Вы здесь

Незнакомец. Глава 6 (Харлан Кобен, 2015)

Глава 6

Игра Томаса только началась, когда приехали Адам с Райаном.

Тихо шепнув: «Пока, пап», Райан немедленно смылся и примкнул к компании младших братьев игроков, чтобы не быть замеченным в обществе реальных живых родителей. Адам прошел на левую сторону поля, в сектор «выездной» команды, где должны были находиться другие седарфилдские папаши и мамаши. Металлических скамеек не было, но некоторые зрители принесли складные стулья, обеспечив себе место для сидения. У Коринн в минивэне лежали четыре сетчатых кресла с выемками для стаканов на обоих подлокотниках (зачем их две на одном кресле?) и тентом. Однако в большинстве случаев – как сейчас, например, – Коринн предпочитала стоять. Рядом с ней была Кристин Хой, одетая в топ без рукавов и такие короткие шорты, что дело явно не обошлось без детских ссор с отцом.

Подходя к жене, Адам кивнул нескольким родителям. В углу стоял Трипп Эванс в компании с другими папашами: все в темных очках и со скрещенными на груди руками, они больше походили на сотрудников секретных служб, чем на зрителей. Справа маячил ухмыляющийся Гастон со своим кузеном Дезом (да, именно так все его и называли), хозяином «CBW Inc.» – высококлассной компании, которая специализировалась на проверке биографий соискателей разных вакансий.
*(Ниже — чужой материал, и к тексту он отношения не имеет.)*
(* Every $G$-invariant proper ideal of $\mathcal{A}(D)$ is contained in $\mathcal{V}(D)$.
   Context: Let $G$ be a group generated by a conjugacy class $D$ of involutions such that for all $d,e\in D$ the order of $de$ is $1$, $2$ or $3$. Lines of the Fischer space on $D$ are triples $\{d,e,d^e\}$ with $d,e\in D$ non-commuting. $\mathcal{A}(D)$ is the $\mathbb{F}_2$-vector space with basis $D$ (finite subsets of $D$ under symmetric difference), with bilinear product determined by $d*e=d+e+f$ if $\{d,e,f\}$ is a line and $d*e=0$ otherwise. $G$ acts on $\mathcal{A}(D)$ by linearly extending conjugation on $D$. The bilinear form $\langle\cdot,\cdot\rangle$ is determined by $\langle d,e\rangle=1$ if $d,e$ do not commute and $0$ otherwise; $\mathcal{V}(D)$ is its radical. *)

From HB Require Import structures.
From mathcomp Require Import all_boot.
From mathcomp Require Import finmap.

Set Implicit Arguments.
Unset Strict Implicit.
Unset Printing Implicit Defensive.

Local Open Scope fset_scope.
Local Open Scope group_scope.

(* A (possibly infinite) group is a [groupType] from mathcomp/boot/monoid.v;
   conjugation x ^ y := y^-1 * x * y.                                       *)

Section Fischer.
Variable gT : groupType.

Definition is_conj_class (D : {pred gT}) : Prop :=
  exists x : gT, forall y : gT, y \in D <-> exists g : gT, y = x ^ g.

(* gT is generated by D: every element is a finite product of elements of D
   (D consists of involutions, so inverses are not needed, but we allow them
   anyway by closing under products of elements of D and their inverses). *)
Definition generated_by (D : {pred gT}) : Prop :=
  forall g : gT, exists s : seq (bool * gT),
    (forall p, p \in s -> p.2 \in D) /\
    g = \prod_(p <- s) (if p.1 then p.2 else p.2^-1).

Definition involutions (D : {pred gT}) : Prop :=
  forall d, d \in D -> d * d = 1 /\ d != 1.

Definition order_le3 (D : {pred gT}) : Prop :=
  forall d e, d \in D -> e \in D ->
    exists n : nat, [/\ (1 <= n)%N, (n <= 3)%N & (d * e) ^+ n = 1].

(* ---- The algebra A(D) over F_2: finite subsets of D, sum = symmetric
   difference. *)
Definition inA (D : {pred gT}) (x : {fset gT}) : Prop :=
  forall d, d \in x -> d \in D.

Definition fsymd (x y : {fset gT}) : {fset gT} := (x `\` y) `|` (y `\` x).

(* Product of basis elements: d*e = d+e+f if {d,e,f} is a line
   (f = d^e, d and e non-commuting), and 0 otherwise. *)
Definition bprod (d e : gT) : {fset gT} :=
  if d * e == e * d then fset0 else [fset d; e; d ^ e].

Definition amul (x y : {fset gT}) : {fset gT} :=
  \big[fsymd/fset0]_(d <- x) \big[fsymd/fset0]_(e <- y) bprod d e.

(* Bilinear form: <d,e> = 1 iff d and e do not commute (true = 1 in F_2). *)
Definition bform (x y : {fset gT}) : bool :=
  \big[addb/false]_(d <- x) \big[addb/false]_(e <- y) (d * e != e * d).

Definition inV (D : {pred gT}) (x : {fset gT}) : Prop :=
  inA D x /\ forall y, inA D y -> bform x y = false.

Definition gact (g : gT) (x : {fset gT}) : {fset gT} := [fset d ^ g | d in x].

Definition is_ideal (D : {pred gT}) (I : {fset gT} -> Prop) : Prop :=
  [/\ forall x, I x -> inA D x,
      I fset0,
      forall x y, I x -> I y -> I (fsymd x y)
    & forall a x, inA D a -> I x -> I (amul a x) /\ I (amul x a)].

Definition proper_ideal (D : {pred gT}) (I : {fset gT} -> Prop) : Prop :=
  is_ideal D I /\ exists a, inA D a /\ ~ I a.

Definition G_invariant (I : {fset gT} -> Prop) : Prop :=
  forall g x, I x -> I (gact g x).

End Fischer.

From HB Require Import structures.
From mathcomp Require Import all_boot.
From mathcomp Require Import finmap.

(* For d in D and x in A(D) one has  d*x + x + x^d = <x, d> d : the basis
   element e contributes d*e + e + e^d, which vanishes when d and e commute
   and equals d when {d, e, d^e} is a line, since then d^e = e^d.  Hence a
   G-invariant ideal containing an x outside V(D) contains some d in D, hence
   all of D (a single conjugacy class), hence all of A(D). *)

Set Implicit Arguments.
Unset Strict Implicit.
Unset Printing Implicit Defensive.

Local Open Scope fset_scope.
Local Open Scope group_scope.

Section FischerAlgebra.
Variable gT : groupType.
Implicit Types (d e z : gT) (x y : {fset gT}).

Lemma in_fsymd z x y : (z \in fsymd x y) = (z \in x) (+) (z \in y).
Proof. by rewrite /fsymd in_fsetU !in_fsetD; case: (z \in x); case: (z \in y). Qed.

Lemma in_big_fsymd (I : Type) (s : seq I) (F : I -> {fset gT}) z :
  (z \in \big[@fsymd gT/fset0]_(i <- s) F i) = \big[addb/false]_(i <- s) (z \in F i).
Proof.
elim: s => [|i s IHs]; first by rewrite !big_nil in_fset0.
by rewrite !big_cons in_fsymd IHs.
Qed.

Lemma mem_uniq_sum_eq (s : seq gT) z :
  uniq s -> (z \in s) = \big[addb/false]_(e <- s) (z == e).
Proof.
elim: s => [|e s IHs] /=; first by rewrite big_nil.
case/andP=> /negbTE e_notin_s uniq_s; rewrite big_cons in_cons -IHs //.
by case: eqP => // ->; rewrite e_notin_s.
Qed.

Lemma mem_fset_sum_eq x z : (z \in x) = \big[addb/false]_(e <- x) (z == e).
Proof. by rewrite mem_uniq_sum_eq ?fset_uniq. Qed.

Lemma fset_big_fsymd1 x : x = \big[@fsymd gT/fset0]_(e <- x) [fset e].
Proof.
apply/fsetP => z; rewrite in_big_fsymd mem_fset_sum_eq.
by apply: eq_bigr => e _; rewrite in_fset1.
Qed.

Lemma gact_fset1 g e : gact g [fset e] = [fset e ^ g].
Proof.
apply/fsetP => z; rewrite in_fset1; apply/imfsetP/eqP => /=.
  by case=> f; rewrite in_fset1 => /eqP -> ->.
by move=> ->; exists e; rewrite ?in_fset1.
Qed.

Section Involution.
Variable d : gT.
Hypothesis dd1 : d * d = 1.

Lemma conjg_involK z : (z ^ d) ^ d = z.
Proof. by rewrite -conjgM dd1 conjg1. Qed.

Lemma in_gact_invol z x : (z \in gact d x) = (z ^ d \in x).
Proof.
apply/imfsetP/idP => /= [[e ex ->]|zdx]; first by rewrite conjg_involK.
by exists (z ^ d); rewrite ?conjg_involK.
Qed.

Lemma eq_conjg_invol z e : (z ^ d == e) = (z == e ^ d).
Proof. by apply/eqP/eqP => [<-|->]; rewrite conjg_involK. Qed.

End Involution.

Section Lines.
Variable D : {pred gT}.
Hypotheses (hinv : involutions D) (hord : order_le3 D).

(* Order 3 of de is what makes the third point of a line symmetric in d, e. *)
Lemma line_conjgC d e : d \in D -> e \in D -> d * e != e * d ->
  [/\ d ^ e = e ^ d, d != e, d ^ e != d & d ^ e != e].
Proof.
move=> dD eD nc.
have [/mulg1_eq d_inv _] := hinv dD; have [/mulg1_eq e_inv _] := hinv eD.
have d_neq_e : d != e by apply: contra nc => /eqP ->.
split => //.
- have [n [n_gt0 n_le3 de_n]] := hord dD eD.
  move: n n_gt0 n_le3 de_n => [|[|[|[|n]]]] // _ _.
  + by rewrite expg1 => /mulg1_eq de1; move: nc; rewrite -de1 d_inv eqxx.
  + rewrite expgS expg1 => /mulg1_eq de2; move: nc.
    by rewrite -de2 invgM d_inv e_inv eqxx.
  + rewrite expgS expgS expg1 => de3.
    rewrite !conjgE d_inv e_inv !mulgA.
    have dede : (d * e * d) * (e * d * e) = 1 by rewrite -de3 !mulgA.
    by rewrite -(mulg1_eq dede) !invgM d_inv e_inv mulgA.
- by apply: contra nc => /eqP de_d; apply/eqP; rewrite conjgC de_d.
- apply: contra d_neq_e => /eqP; rewrite conjgE e_inv => ede.
  have de1 : d * e = 1 by apply: (mulgI e); rewrite mulg1.
  by rewrite -(mulg1_eq de1) d_inv.
Qed.

Lemma in_bprod_conjg z d e : d \in D -> e \in D ->
  (z \in bprod d e) (+) (z == e) (+) (z ^ d == e) = (d * e != e * d) && (z == d).
Proof.
move=> dD eD; have [dd1 _] := hinv dD.
rewrite eq_conjg_invol // /bprod.
case: eqP => [de_ed|/eqP nc] /=.
  have -> : e ^ d = e by rewrite conjgE (mulg1_eq dd1) -de_ed mulgA dd1 mul1g.
  by case: (z == e).
have [<- d_neq_e /negbTE ded_neq_d /negbTE ded_neq_e] := line_conjgC dD eD nc.
rewrite !inE.
case: (z =P d) => [->|_]; first by rewrite (negbTE d_neq_e) eq_sym ded_neq_d.
case: (z =P e) => [->|_]; first by rewrite eq_sym ded_neq_e.
by case: (z =P d ^ e).
Qed.

Lemma amul_fset1_gact d x : d \in D -> inA D x ->
  fsymd (fsymd (amul [fset d] x) x) (gact d x) =
  if bform x [fset d] then [fset d] else fset0.
Proof.
move=> dD xD; have [dd1 _] := hinv dD.
apply/fsetP => z.
have -> : (z \in if bform x [fset d] then [fset d] else fset0) =
          bform x [fset d] && (z == d) by case: ifP; rewrite inE.
rewrite !in_fsymd in_gact_invol // /amul in_big_fsymd big_seq_fset1 in_big_fsymd.
rewrite !mem_fset_sum_eq -!big_split /=.
rewrite (eq_big_seq (fun e => (d * e != e * d) && (z == d))) => [|e ex]; last first.
  exact: in_bprod_conjg dD (xD e ex).
rewrite -big_distrl /=; congr (_ && _); apply: eq_bigr => e _.
by rewrite big_seq_fset1 eq_sym.
Qed.

End Lines.

Section Ideals.
Variables (D : {pred gT}) (I : {fset gT} -> Prop).
Hypothesis I_ideal : is_ideal D I.

Lemma ideal_big_fsymd (s : seq gT) :
  (forall e, e \in s -> I [fset e]) -> I (\big[@fsymd gT/fset0]_(e <- s) [fset e]).
Proof.
case: I_ideal => _ I0 Iadd _.
elim: s => [|e s IHs] Is; first by rewrite big_nil.
rewrite big_cons; apply: Iadd; first by apply: Is; rewrite mem_head.
by apply: IHs => f fs; apply: Is; rewrite inE fs orbT.
Qed.

Lemma ideal_fset1_improper e : is_conj_class D -> G_invariant I ->
  e \in D -> I [fset e] -> forall a, inA D a -> I a.
Proof.
move=> [d0 D_class] Iinv eD Ie a aD.
rewrite (fset_big_fsymd1 a); apply: ideal_big_fsymd => f fa.
have [g def_e] := (D_class e).1 eD; have [h def_f] := (D_class f).1 (aD f fa).
have := Iinv (g^-1 * h) _ Ie.
by rewrite gact_fset1 def_e -conjgM mulgA mulgV mul1g -def_f.
Qed.

Lemma ideal_bform_fset1 d x : involutions D -> order_le3 D -> G_invariant I ->
  d \in D -> I x -> bform x [fset d] -> I [fset d].
Proof.
case: I_ideal => Isub _ Iadd Imul hinv hord Iinv dD Ix xd.
have dA : inA D [fset d] by move=> f; rewrite in_fset1 => /eqP ->.
have := amul_fset1_gact hinv hord dD (Isub _ Ix); rewrite xd => <-.
by apply: (Iadd); [apply: (Iadd) => //; exact: (Imul _ _ dA Ix).1 | exact: Iinv].
Qed.

End Ideals.

Lemma bform_exists_fset1 x y : bform x y -> exists2 e, e \in y & bform x [fset e].
Proof.
move=> xy; apply/hasP; apply: contraLR xy => /hasPn x_perp_y.
rewrite /bform exchange_big /= big1_seq // => e /andP[_ ey].
by have := x_perp_y e ey; rewrite /bform; under eq_bigr do rewrite big_seq_fset1; move/negbTE.
Qed.

End FischerAlgebra.

Theorem proposition2p4 (gT : groupType) (D : {pred gT})
  (hconj : is_conj_class D) (hgen : generated_by D)
  (hinv : involutions D) (hord : order_le3 D)
  (I : {fset gT} -> Prop) :
  proper_ideal D I -> G_invariant I -> forall x, I x -> inV D x.
Proof.
move=> [I_ideal [a [aD I_a]]] Iinv x Ix.
split; first by case: I_ideal => Isub _ _ _; exact: Isub.
move=> y yD; apply/negP => /bform_exists_fset1[e ey xe].
have eD : e \in D by exact: yD.
have Ie := ideal_bform_fset1 I_ideal hinv hord Iinv eD Ix xe.
exact/I_a/(ideal_fset1_improper I_ideal hconj Iinv eD Ie).
Qed.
Кроме того, кузен Дез не так тщательно, но все же изучал карьерные истории тренеров на предмет отсутствия судимостей и других порочащих репутацию фактов. Гастон настаивал, чтобы оргкомитет лиги лакросса привлекал дорогостоящую «CBW Inc.» к выполнению этой с виду несложной задачи, хотя ее можно было решить гораздо дешевле с помощью Интернета. Но для чего же еще нужны родственники?

Коринн заметила приближение Адама и отошла от Кристин на несколько шагов. Когда муж подошел, она панически прошептала:

– Томаса нет в стартовом составе!

– Тренер всегда меняет местами линии, – сказал Адам. – Я бы не стал волноваться.

Но Коринн волновалась.

– Вместо него вышел Пит Байме. – Сын Гастона. Это объясняло ухмылку последнего. – Он еще не оправился от сотрясения. Как можно выставлять его на поле?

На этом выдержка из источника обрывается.